In the U.S. Dramatic Competition, Blue Valentine stars Ryan Gosling (Half Nelson) and Michelle Williams (Brokeback Mountain); they play a married couple. The film charts the evolution of their relationship over time, and also features a musical score by indie buzz band Grizzly Bear; it is directed by Derek Cianfrance. Obselidia has potential of being a sleeper surprise, featuring a lonely librarian who believes love is obsolete until a road trip to Death Valley with a beguiling cinema projectionist teaches him otherwise; it’s written and directed by Diane Bell.


In the World Cinema Documentary Competition, Last Train Home, by director Lixin Fan, won best documentary at IDFA in November. It sounds incredible: getting a train ticket in China proves a towering ordeal as a migrant worker family embarks on a journey, along with 200 million other peasants, to reunite with their distant family members. Sins of My Father has already been picked up by HBO; from the sound of it, it should be a revealing story about the life and times of notorious Colombian drug lord Pablo Escobar, recounted through the eyes of his son, who fled Colombia to move beyond his father’s legacy.


Casey Affleck in car


In the Premieres section, nothing has got me more jazzed than Michael Winterbottom’s second film at Sundance: his adaptation of Jim Thompson’s classic pulp novel The Killer Inside Me, starring Casey Affleck as Deputy Sheriff Lou Ford—who is a patient, polite and well liked individual, until he starts killing people. The film co-stars Kate Hudson, Jessica Alba, and Simon Baker.

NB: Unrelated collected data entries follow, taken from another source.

Lemma gauge_polar_directional_le d eps : 0 < eps ->
  exists2 t0 : R, 0 < t0 & forall t, 0 < t -> t <= t0 ->
    gauge (polar C) (x + t *: d) <= dotp x p + t * (dotp d p + eps).
Proof.
move=> eps0; have xp0 := normal_cone_dotp_gt0 iC x0 Nx.
have [B CB] := compact_dotp_ub d cC.
have [del del0 gap] := normal_cone_gap d eps0.
pose a := `|B - dotp d p| + 1; pose b := `|dotp d p + eps| + 1.
have a0 : 0 < a by rewrite ltr_pwDr.
have b0 : 0 < b by rewrite ltr_pwDr.
exists (Num.min (del / a) (dotp x p / b)); first by rewrite lt_min !divr_gt0.
move=> t t0; rewrite le_min !ler_pdivlMr // => /andP [ta tb].
have na : t * (B - dotp d p) <= t * `|B - dotp d p| by rewrite ler_pM2l // ler_norm.
have nb : t * - (dotp d p + eps) <= t * `|dotp d p + eps|.
  by rewrite ler_pM2l // -normrN ler_norm.
apply: gauge_polar_le; first by move: tb nb; rewrite /b; nra.
move=> y Cy; rewrite dotpDl dotpZl.
have xy := (normal_coneP C p x).1 Nx y Cy.
have [dy|dy] := leP (dotp d p + eps) (dotp d y).
  have := gap _ Cy dy; have : t * dotp d y <= t * B by rewrite ler_pM2l // CB.
  by move: ta na; rewrite /a; nra.
have : t * dotp d y <= t * (dotp d p + eps) by rewrite ler_pM2l // ltW.
nra.
Qed.

End StrictlyConvex.
End SupportFunction.

Section MinimizingHyperplane.
Variables (R : realType) (n : nat).
Notation V := 'rV[R]_n.

(* A nonzero subgradient v of f at b that is also a gradient (f strictly
   decreases along every e with <v, e> > 0) singles out one minimizing hyperplane. *)
Lemma unique_minimizing_hyperplane (K : set V) (f : V -> R) (b v : V) :
  v != 0 -> normal_cone K b v ->
  (forall y, dotp v y = dotp v b -> f b <= f y) ->
  (forall e, 0 < dotp v e -> exists t : R, f (b - t *: e) < f b) ->
  exists! H : set V,
    supporting_hyperplane K b H /\ forall y, H y -> f b <= f y.
Proof.
move=> v0 /normal_coneP Nv f_min f_descent.
exists [set y | dotp v y = dotp v b]; split.
  by split; [exists v; split|exact: f_min].
move=> H [[w [w0 -> _]] H_min].
have [[c vE]|[e [we ve]]] := parallel_or_orthogonal_witness v w0.
  have c0 : c != 0 by apply: contraNneq v0 => c0; rewrite vE c0 scale0r.
  by apply/seteqP; split => y /=; rewrite vE !dotpZl; [move/(mulfI c0) | move=> ->].
have [t ft] := f_descent e ve.
have := H_min (b - t *: e); rewrite /= dotpBr dotpZr we mulr0 subr0 => /(_ erefl).
by rewrite leNgt ft.
Qed.
(* For a chain s of (P ⊎ Q) \ {x0*}, let m(s) be the largest x with x* in s
   (or x0 if there is none).  Then the unstarred vertex m(s) is comparable with
   every vertex of s, and deleting an unstarred vertex from s does not change
   m(s).  Hence, if an i-cocycle c vanishes on the chains with fewer than n
   starred vertices, the cochain h(c)(t) = ±c(m(t) ∪ t) satisfies
   δh(c) = c on the i-chains with at most n starred vertices: the terms of
   δh(c) that do not cancel as for an honest cone delete a starred vertex.
   Replacing c by c - δh(c) and descending on n shows that c is a
   coboundary. *)

From mathcomp Require Import all_boot all_order all_algebra zify.
Set Implicit Arguments. Unset Strict Implicit. Unset Printing Implicit Defensive.
Import Order.TTheory GRing.Theory.

Section Coboundary.
Variables (V : finType) (k : fieldType).
Local Open Scope ring_scope.
Implicit Types (c : {set V} -> k) (s t : {set V}) (u v : V).

Lemma vposU1 u v t : u \notin t ->
  vpos v (u |: t) = (vpos v t + (enum_rank u < enum_rank v))%N.
Proof.
move=> ut; rewrite /vpos; pose p := fun w : V => (enum_rank w < enum_rank v)%N.
have -> : [set w in u |: t | p w] = if p u then u |: [set w in t | p w]
                                   else [set w in t | p w].
  by apply/setP=> w; case: ifP => pu; rewrite !inE;
    case: eqVneq => [->|] //=; rewrite (negbTE ut) pu.
rewrite /p; case: ifP => _; last by rewrite addn0.
by rewrite cardsU1 !inE (negbTE ut) addnC.
Qed.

In the NEXT section, writer/director/star Katie Aselton’s The Freebie explores a young married couple who decide to give each other one night with someone else. Dax Sheppard (Idiocracy) plays her husband. New Low looks like an even lower-budget film than Kevin Smith’s Clerks, but has some promise. Adam Bowers stars a neurotic twenty-something struggling to figure which girl he really belongs with: the best one he’s ever known, or the worst.


Finally, in the Spotlight section, I’m cheating a bit since I’ve already seen it but would love the opportunity to see again the French prison drama A Prophet, which was recently up for the Best Foreign Language film at the Golden Globes and would have made my top ten for 2009—but the film is being released in Minneapolis on March 26. It should not be missed. An engaging examination of a seedy, gangster-driven underworld set in a French prison that’s being compared to Scorsese’s, Goodfellas, it’s just as gripping and striking and makes that a reasonable comparison.